Prove
$$ \int_{\overline{B}(0,r)}c'D^{-1}c\ \exp(-1/2 y'D^{-1}y)\ dy >\int_{\overline{B}(0,r)}(y'D^{-1}c)^2\ \exp(-1/2 y'D^{-1}y)\ dy $$ where $ D\in\mathbb{R}^{n\times n} $ is a diagonal matrix, $ \overline{B}(0,r) $ is a closed $n$-ball with nonzero radius, and $c$ is an an arbitrary vector. The ' mark denotes the transpose.
(I'd like ideas for a start at a solution if you're not willing to provide a full solution. Thanks!)

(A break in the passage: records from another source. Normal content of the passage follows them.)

(* For $0<x<\frac12$, $$\gamma_1\left(x+\tfrac12\right)-\gamma_1\left(\tfrac12-x\right)=2[\gamma_1(2x)-\gamma_1(1-2x)]-[\gamma_1(x)-\gamma_1(1-x)]-2\pi\log 2\cdot\cot 2\pi x.$$
   Context: For $x>0$ let $\zeta(s,x)=\sum_{n=0}^{\infty}(n+x)^{-s}$ ($\operatorname{Re}s>1$) be the Hurwitz zeta function, analytically continued to $\mathbb{C}\setminus\{1\}$. The generalised Stieltjes constants $\gamma_n(x)$ are defined by the Laurent expansion $\zeta(s,x)=\frac{1}{s-1}+\sum_{n=0}^{\infty}\frac{(-1)^n}{n!}\gamma_n(x)(s-1)^n$ about $s=1$. *)

From Stdlib Require Import Reals ClassicalEpsilon.
From Coquelicot Require Import Coquelicot.
Open Scope R_scope.

Definition hurwitz_zeta (s x : R) : R :=
  Series (fun n : nat => / Rpower (INR n + x) s).

(* c is the sequence of generalised Stieltjes constants at x: the Laurent
   expansion  zeta(s,x) = 1/(s-1) + sum_n (-1)^n/n! c_n (s-1)^n  holds
   (with convergent series) for all real s in a right neighbourhood of 1. *)
Definition is_stieltjes_seq (x : R) (c : nat -> R) : Prop :=
  exists d : R, 0 < d /\
    forall s : R, 1 < s < 1 + d ->
      is_series (fun n : nat => (-1) ^ n / INR (Factorial.fact n) * c n * (s - 1) ^ n)
                (hurwitz_zeta s x - 1 / (s - 1)).

(* gamma_n(x): the (unique) such sequence, chosen by Hilbert's epsilon. *)
Definition stieltjes_seq (x : R) : nat -> R :=
  epsilon (inhabits (fun _ : nat => 0)) (is_stieltjes_seq x).

Definition gen_stieltjes (n : nat) (x : R) : R := stieltjes_seq x n.

Definition cot (t : R) : R := cos t / sin t.

(* The Laurent coefficients of ζ(s,y) at s = 1 are found termwise.  Writing
     ζ(1+t,y) - 1/t = Σ_n [(n+y)^(-1-t) - ((n+y)^(-t) - (n+y+1)^(-t))/t] + (y^(-t) - 1)/t,
   each bracket and the last term are power series in t, and the resulting double series
   converges absolutely for 0 < t < 1.  This gives γ_n(y) as an explicit series, and since a
   power series is determined by its values on an interval (0, d), the Laurent coefficients
   are unique.
   Comparing the two sides of ζ(s,y) + ζ(s,y+1/2) = 2^s ζ(s,2y) at orders 0 and 1 in s - 1
   gives γ0(y) + γ0(y+1/2) = 2 γ0(2y) + 2 ln 2 and
   γ1(y) + γ1(y+1/2) = 2 γ1(2y) - 2 ln 2 γ0(2y) - ln² 2.  Subtracting the second identity at
   y = x from the one at y = 1/2 - x leaves 2 ln 2 (γ0(2x) - γ0(1-2x)), which is
   2π ln 2 cot 2πx by the reflection formula γ0(y) - γ0(1-y) = π cot πy.  The latter is
   Herglotz's trick: the difference D of its two sides is continuous on (0,1), odd about 1/2,
   tends to 0 at 0 and satisfies D(y/2) + D((y+1)/2) = 2 D(y), hence vanishes. *)

From Stdlib Require Import Reals Lra Lia Psatz Factorial ClassicalEpsilon.
From Coquelicot Require Import Coquelicot.
Open Scope R_scope.

(** * Series of real numbers *)

Lemma ex_series_Rabs_le (a b : nat -> R) :
  (forall n, Rabs (a n) <= b n) -> ex_series b -> ex_series a.
Proof. exact (@ex_series_le R_AbsRing R_CompleteNormedModule a b). Qed.

Lemma is_series_telescope (T : nat -> R) (l : R) :
  is_lim_seq T l -> is_series (fun n => T n - T (S n)) (T O - l).
Proof.
  intro HT. change (is_lim_seq (sum_n (fun n => T n - T (S n))) (T O - l)).
  apply is_lim_seq_ext with (fun n => T O - T (S n)).
  - induction n as [|n IH]; rewrite ?sum_O, ?sum_Sn, <- ?IH; cbn; unfold plus; cbn; ring.
  - apply is_lim_seq_minus'; [apply is_lim_seq_const|].
    now apply (is_lim_seq_incr_1 T l).
Qed.

Lemma sum_n_le_Series (b : nat -> R) (N : nat) :
  (forall n, 0 <= b n) -> ex_series b -> sum_n b N <= Series b.
Proof.
  intros Hb Hex.
  apply (is_lim_seq_incr_compare (sum_n b) (Series b) (Series_correct _ Hex)).
  intro n. rewrite sum_Sn. specialize (Hb (S n)). cbn; unfold plus; cbn; lra.
Qed.

Lemma Rabs_Series_le (a b : nat -> R) :
  (forall n, Rabs (a n) <= b n) -> ex_series b -> Rabs (Series a) <= Series b.
Proof.
  intros Hab Hb.
  assert (Habs : ex_series (fun n => Rabs (a n))).
  { apply (ex_series_Rabs_le _ b); [|exact Hb]. intro n. rewrite Rabs_Rabsolu. apply Hab. }
  eapply Rle_trans; [apply Series_Rabs, Habs|].
  apply Series_le; [|exact Hb]. intro n. split; [apply Rabs_pos|apply Hab].
Qed.

Lemma Rabs_Series_tail_le (a b : nat -> R) (N : nat) :
  (forall n, Rabs (a n) <= b n) -> ex_series b ->
  Rabs (Series a - sum_n a N) <= Series b - sum_n b N.
Proof.
  intros Hab Hb.
  assert (Ha : ex_series a) by (apply (ex_series_Rabs_le _ b); auto).
  rewrite (Series_incr_n a (S N)), (Series_incr_n b (S N)), <- !sum_n_Reals; try lia; auto.
  cbn [pred]. replace (sum_n a N + _ - sum_n a N) with (Series (fun k => a (S N + k)%nat)) by ring.
  replace (sum_n b N + _ - sum_n b N) with (Series (fun k => b (S N + k)%nat)) by ring.
  apply Rabs_Series_le; [intro; apply Hab|].
  now apply (ex_series_incr_n b (S N)).
Qed.

Lemma filterlim_sum_n {T : Type} {F : (T -> Prop) -> Prop} {FF : Filter F}
    (f : T -> nat -> R) (g : nat -> R) :
  (forall n, filterlim (fun z => f z n) F (locally (g n))) ->
  forall N, filterlim (fun z => sum_n (f z) N) F (locally (sum_n g N)).
Proof.
  intros Hfg N. induction N as [|N IH].
  - rewrite sum_O. apply (filterlim_ext (fun z => f z O)); [intro; now rewrite sum_O|apply Hfg].
  - rewrite sum_Sn.
    apply (filterlim_ext (fun z => plus (sum_n (f z) N) (f z (S N)))); [intro; now rewrite sum_Sn|].
    eapply filterlim_comp_2; [exact IH|apply Hfg|apply (@filterlim_plus R_AbsRing R_NormedModule)].
Qed.

Lemma filterlim_Series_dominated {T : Type} {F : (T -> Prop) -> Prop} {FF : Filter F}
    (f : T -> nat -> R) (g M : nat -> R) :
  (forall n, filterlim (fun z => f z n) F (locally (g n))) ->
  F (fun z => forall n, Rabs (f z n) <= M n) ->
  (forall n, Rabs (g n) <= M n) -> ex_series M ->
  filterlim (fun z => Series (f z)) F (locally (Series g)).
Proof.
  intros Hfg Hdom Hg HM.
  apply filterlim_locally. intro eps.
  assert (Htail : eventually (fun N => Rabs (sum_n M N - Series M) < eps / 3)).
  { assert (HS : is_lim_seq (sum_n M) (Series M)) by exact (Series_correct _ HM).
    apply (is_lim_seq_spec (sum_n M)) in HS.
    exact (HS (mkposreal (eps / 3) ltac:(destruct eps; cbn; lra))). }
  destruct Htail as [N HN]. specialize (HN N (le_n N)).
  pose proof (filterlim_sum_n f g Hfg N) as Hsum.
  assert (Hnear : F (fun z => Rabs (sum_n (f z) N - sum_n g N) < eps / 3)).
  { apply (Hsum (fun y => Rabs (y - sum_n g N) < eps / 3)).
    exists (mkposreal (eps / 3) ltac:(destruct eps; cbn; lra)). now intros y Hy. }
  generalize (filter_and _ _ Hdom Hnear). apply filter_imp. intros z [Hz Hzsum].
  change (Rabs (Series (f z) - Series g) < eps).
  pose proof (Rabs_Series_tail_le (f z) M N Hz HM) as Tz.
  pose proof (Rabs_Series_tail_le g M N Hg HM) as Tg.
  rewrite Rabs_minus_sym in HN.
  set (A := Series (f z) - sum_n (f z) N) in *. set (B := sum_n (f z) N - sum_n g N) in *.
  set (C := Series g - sum_n g N) in *.
  replace (Series (f z) - Series g) with (A + B + - C) by (unfold A, B, C; ring).
  pose proof (Rabs_triang (A + B) (- C)). pose proof (Rabs_triang A B).
  rewrite Rabs_Ropp in *. pose proof (Rle_abs (Series M - sum_n M N)). lra.
Qed.

Lemma Rabs_sum_n_le (a b : nat -> R) (N : nat) :
  (forall n, Rabs (a n) <= b n) -> Rabs (sum_n a N) <= sum_n b N.
Proof.
  intro Hab. rewrite !sum_n_Reals.
  eapply Rle_trans; [apply sum_f_R0_triangle|]. apply sum_Rle. intros; apply Hab.
Qed.

Lemma is_series_Series_exchange (a b : nat -> nat -> R) (B r : nat -> R) :
  (forall n k, Rabs (a n k) <= b n k) ->
  (forall n, is_series (b n) (B n)) -> ex_series B ->
  (forall n, is_series (a n) (r n)) ->
  is_series (fun k => Series (fun n => a n k)) (Series r).
Proof.
  intros Hab Hb HB Har.
  assert (Hpartial : forall K n, Rabs (sum_n (a n) K) <= B n).
  { intros K n. eapply Rle_trans; [apply Rabs_sum_n_le, Hab|].
    rewrite <- (is_series_unique _ _ (Hb n)). apply sum_n_le_Series; [|now exists (B n)].
    intro k. eapply Rle_trans; [apply Rabs_pos|apply Hab]. }
  assert (Hex : forall K, ex_series (fun n => sum_n (a n) K)).
  { intro K. apply (ex_series_Rabs_le _ B); [|exact HB]. apply Hpartial. }
  assert (Hswap : forall K, sum_n (fun k => Series (fun n => a n k)) K = Series (fun n => sum_n (a n) K)).
  { induction K as [|K IH].
    - rewrite sum_O. apply Series_ext. intro; now rewrite sum_O.
    - rewrite sum_Sn, IH. change plus with Rplus.
      rewrite <- Series_plus; [apply Series_ext; intro; now rewrite sum_Sn|apply Hex|].
      apply (ex_series_ext (fun n => sum_n (a n) (S K) - sum_n (a n) K)).
      { intro n. rewrite sum_Sn. change plus with Rplus. lra. }
      apply (ex_series_minus (V := R_NormedModule)); apply Hex. }
  change (is_lim_seq (sum_n (fun k => Series (fun n => a n k))) (Series r)).
  apply (is_lim_seq_ext (fun K => Series (fun n => sum_n (a n) K))); [intro; now rewrite Hswap|].
  apply (filterlim_Series_dominated (fun K n => sum_n (a n) K) r B); [apply Har| |intro n|exact HB].
  - apply filter_forall. intros K n. apply Hpartial.
  - rewrite <- (is_series_unique _ _ (Har n)), <- (is_series_unique _ _ (Hb n)).
    apply Rabs_Series_le; [apply Hab|now exists (B n)].
Qed.

Lemma is_series_exp (u : R) : is_series (fun k => u ^ k / INR (fact k)) (exp u).
Proof.
  generalize (is_exp_Reals u). apply is_series_ext. intro k. now rewrite pow_n_pow.
Qed.

Lemma is_series_exp_minus_1 (u : R) :
  is_series (fun k => u ^ S k / INR (fact (S k))) (exp u - 1).
Proof.
  apply (is_series_incr_1 (fun k => u ^ k / INR (fact k))).
  match goal with |- is_series _ ?l => replace l with (exp u) end;
    [apply is_series_exp|cbn; unfold plus; cbn; field].
Qed.

(** * The Hurwitz zeta function for s > 1 *)

Lemma Rpower_pos (a s : R) : 0 < Rpower a s.
Proof. apply exp_pos. Qed.

Lemma is_lim_seq_Rpower_opp (y e : R) : 0 < y -> 0 < e ->
  is_lim_seq (fun n => Rpower (INR n + y) (- e)) 0.
Proof.
  intros Hy He. apply is_lim_seq_spec. intros [eps Heps]. cbn.
  set (X := Rpower eps (- / e)).
  destruct (INR_unbounded X) as [N HN].
  exists N. intros n Hn.
  rewrite Rminus_0_r, Rabs_pos_eq by (left; apply Rpower_pos).
  assert (HXn : X < INR n + y) by (apply le_INR in Hn; pose proof (Rpower_pos eps (- / e)); lra).
  assert (Hpow : Rpower X e < Rpower (INR n + y) e)
    by (apply Rlt_Rpower_l; [exact He|split; [apply Rpower_pos|exact HXn]]).
  unfold X in Hpow. rewrite Rpower_mult in Hpow.
  replace (- / e * e) with (- (1)) in Hpow by (field; lra).
  rewrite Rpower_Ropp, Rpower_1 in Hpow by lra.
  rewrite Rpower_Ropp.
  pose proof (Rpower_pos (INR n + y) e).
  apply Rinv_lt_contravar in Hpow; [now rewrite Rinv_inv in Hpow|].
  apply Rmult_lt_0_compat; [now apply Rinv_0_lt_compat|lra].
Qed.

Lemma Rpower_inv_le_diff (a s : R) : 0 < a -> 1 < s ->
  / Rpower (a + 1) s <= (Rpower a (1 - s) - Rpower (a + 1) (1 - s)) / (s - 1).
Proof.
  intros Ha Hs.
  destruct (MVT_cor2 (fun u => Rpower u (1 - s)) (fun u => (1 - s) * Rpower u (1 - s - 1)) a (a + 1))
    as [c [Hc Hac]]; [lra|intros; apply derivable_pt_lim_power; lra|].
  replace (1 - s - 1) with (- s) in Hc by ring.
  rewrite Rpower_Ropp in Hc. replace (a + 1 - a) with 1 in Hc by ring.
  pose proof (Rpower_pos c s) as Hcs.
  replace ((Rpower a (1 - s) - Rpower (a + 1) (1 - s)) / (s - 1)) with (/ Rpower c s)
    by (rewrite <- Ropp_minus_distr, Hc; field; lra).
  apply Rinv_le_contravar; [exact Hcs|]. left; apply Rlt_Rpower_l; lra.
Qed.

Lemma ex_series_hurwitz (s y : R) : 1 < s -> 0 < y ->
  ex_series (fun n => / Rpower (INR n + y) s).
Proof.
  intros Hs Hy.
  apply (ex_series_incr_1 (fun n => / Rpower (INR n + y) s)).
  set (T := fun n => Rpower (INR n + y) (1 - s)).
  assert (HT : is_series (fun n => T n - T (S n)) (T O - 0)).
  { apply is_series_telescope. unfold T. replace (1 - s) with (- (s - 1)) by ring.
    apply is_lim_seq_Rpower_opp; lra. }
  apply (ex_series_Rabs_le _ (fun n => / (s - 1) * (T n - T (S n)))).
  - intro n. rewrite Rabs_pos_eq by (left; apply Rinv_0_lt_compat, Rpower_pos).
    unfold T. rewrite !S_INR. replace (INR n + 1 + y) with (INR n + y + 1) by ring.
    rewrite Rmult_comm. apply Rpower_inv_le_diff; [pose proof (pos_INR n)|]; lra.
  - eexists. apply (is_series_scal_l (V := R_NormedModule)). exact HT.
Qed.

Lemma is_series_pairs (u : nat -> R) (l : R) :
  is_series u l -> is_series (fun n => u (2 * n)%nat + u (S (2 * n))) l.
Proof.
  intro Hu. change (is_lim_seq (sum_n (fun n => u (2 * n)%nat + u (S (2 * n)))) l).
  apply is_lim_seq_ext with (fun N => sum_n u (S (2 * N))).
  - induction n as [|n IH].
    + rewrite sum_O. change (2 * 0)%nat with 0%nat. rewrite sum_Sn, sum_O. reflexivity.
    + rewrite (sum_Sn (fun n => u (2 * n)%nat + u (S (2 * n))) n), <- IH.
      replace (S (2 * S n)) with (S (S (S (2 * n)))) by lia.
      replace (2 * S n)%nat with (S (S (2 * n))) by lia.
      rewrite !sum_Sn. change plus with Rplus. lra.
  - apply (is_lim_seq_subseq (sum_n u) l (fun N => S (2 * N))); [|exact Hu].
    apply eventually_subseq. intro; lia.
Qed.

This can only be true if the entries of $D$ are positive. Otherwise if $D_i<0$, (zero is not allowed as it is invertible) take $c=e_i$ the unit vector in direction $i$ and your inequality says $$ 0> D_i\times \mbox{a positive cst} > \mbox{ a non-negative number} $$ which is false. And $c$ must be a non-zero vector. Thus, suppose now all the $D_i$ are positive. Next, note that $$ (c^TDy)^2=\sum_{i=1}^n D_{i}^2c_i^2y^2_i +\sum_{i}\sum_{j\neq i} D_iD_jc_ic_jy_iy_j $$ The first term is an even function in $y_i$, whereas the second one is odd. Since the domain of integration is symmetric, and $y^TDy =\sum y_i^2D_i$ is even in $y_i$, $$ \sum_{i}\sum_{j\neq i} \int_{B_r}D_iD_jc_ic_jy_iy_j \textrm{exp}\left(-\frac{1}{2}y^TDy \right) dy=0 $$ Thus, $$ \int_{B_r} (c^TDy)^2 \,\textrm{exp}\left(-\frac{1}{2}y^TDy \right) = \int_{B_r} B(y)^TDy \,\textrm{exp}\left(-\frac{1}{2}y^TDy \right) $$ with $B(y)_i=D_ic_i^2y_i$ Note that div$(B(y))=c^TDc$. As $$ u^TDy \textrm{exp}\left(-\frac{1}{2}y^TDy \right) = u\cdot \nabla \left( -\textrm{exp}\left(-\frac{1}{2}y^TDy \right)\right) $$ and Green's Theorem says $$ \int_{B_r} u \cdot \nabla v = \frac{1}{r}\int_{C_r} v u^T y - \int_{B_r} v \textrm{div}{u} $$ therefore, applying this to $u=B(y)$ and $v=-\textrm{exp}\left(-\frac{1}{2}y^TDy \right)$ you obtain $$ \int_{B_r} (c^TDy)^2 \,\textrm{exp}\left(-\frac{1}{2}y^TDy \right)=-\frac{1}{r}\int_{C_r} \textrm{exp}\left(-\frac{1}{2}y^TDy \right)\sum_{i}(D_ic_i^2)y_i ^2 +\int_{B_r} \textrm{exp}\left(-\frac{1}{2}y^TDy \right)(c^T D c) dy. $$ The first term is negative, so the bound $$ \int_{B_r} (c^TDy)^2 \,\textrm{exp}\left(-\frac{1}{2}y^TDy \right) < \int_{B_r} c^T D c \,\textrm{exp}\left(-\frac{1}{2}y^TDy \right) dy $$ holds.